Suprise bills that can run into the tens of thousands come when patients receive care at a provider that is not in the network of their insurer.

In a joint statement the associations said they “applaud the many members of the US Congress who are seeking to take action to protect patients from surprise medical bills. However, what is needed is a balanced, comprehensive solution to this problem, not a one-sided gift to the insurance industry that will create shortages in our emergency departments and an acceleration of health care consolidation.”

Proposals that have begun to advance in the US House and Senate “give unilateral control to the insurance industry to determine what should be the cost of care in these instances.No negotiation.No compromise.No recognition of special circumstances surrounding the care delivery,” according to the statement from medical societies in New Jersey, Pennsylvania, New Jersey, New York, Connecticut, Maine and Delaware.

The assocaitions noted that when insurers were given this discretion, “what followed in California was a 48 percent increase in patient access to care complaints including delays in obtaining care or securing physician appointments, inadequate selection of providers, and problems accessing facilities.”
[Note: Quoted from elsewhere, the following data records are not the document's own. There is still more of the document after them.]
(* Let $\mathbb{X}=\ell_\infty^3$ and let $\mathbb{Y}$ be a two-dimensional polygonal Banach space. Let $T\in\mathbb{L}(\mathbb{X},\mathbb{Y})$ with $\|T\|=1$. Then $T$ is an extreme contraction if and only if $|M_T\cap\operatorname{Ext}(B_{\mathbb{X}})|\geq 6$ and $T(M_T\cap\operatorname{Ext}(B_{\mathbb{X}}))\subseteq\operatorname{Ext}(B_{\mathbb{Y}})$.
   Context: $\mathbb{L}(\mathbb{X},\mathbb{Y})$ is the space of linear operators with the operator norm. $B_{\mathbb{X}}$ denotes the closed unit ball and $\operatorname{Ext}(\cdot)$ the set of its extreme points; $M_T=\{x\in\mathbb{X}:\|x\|=1,\ \|Tx\|=\|T\|\}$. A two-dimensional Banach space is polygonal if its unit ball has only finitely many extreme points. $T$ is an extreme contraction if it is an extreme point of the unit ball of $\mathbb{L}(\mathbb{X},\mathbb{Y})$. *)

From HB Require Import structures.
From mathcomp Require Import all_boot all_order all_algebra.
From mathcomp Require Import all_classical all_reals.
Set Implicit Arguments. Unset Strict Implicit. Unset Printing Implicit Defensive.
Import Order.TTheory GRing.Theory Num.Theory.
Local Open Scope ring_scope.
Local Open Scope classical_set_scope.

Definition extreme_point (R : realType) (V : lmodType R) (S : set V) (x : V) : Prop :=
  S x /\ forall (y z : V) (t : R), S y -> S z -> 0 < t -> t < 1 ->
    x = t *: y + (1 - t) *: z -> y = z.

Definition linf3 (R : realType) (x : 'cV[R]_3) : R :=
  \big[Num.max/0]_(i < 3) `|x i 0|.

(* N is a norm on R^2; any norm on R^2 gives a Banach space. *)
Definition is_norm2 (R : realType) (N : 'cV[R]_2 -> R) : Prop :=
  [/\ (forall x, N x = 0 -> x = 0),
      (forall (a : R) x, N (a *: x) = `|a| * N x) &
      (forall x y, N (x + y) <= N x + N y)].

Definition ballX (R : realType) : set 'cV[R]_3 := [set x | linf3 x <= 1].
Definition ballY (R : realType) (N : 'cV[R]_2 -> R) : set 'cV[R]_2 := [set y | N y <= 1].

Definition polygonal (R : realType) (N : 'cV[R]_2 -> R) : Prop :=
  finite_set (extreme_point (ballY N)).

Definition opnorm (R : realType) (N : 'cV[R]_2 -> R) (T : 'M[R]_(2,3)) : R :=
  sup [set r | exists x, @ballX R x /\ r = N (T *m x)].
The statement went on to praise laws in New York and Connecticut that strike a balance “among health insurers, physicians, and hospitals to protect patients from surprise medical bills, while also ensuring the ability of hospital emergency departments to have available needed on-call specialty physician care to provide patient care when time is of the essence”

A recently released report from the New York Department of Financial Services showed consumers have saved more than $400 million since the law’s enactment.It also reduced out-of-network billing by nearly 35 percent, the medical associationsnoted.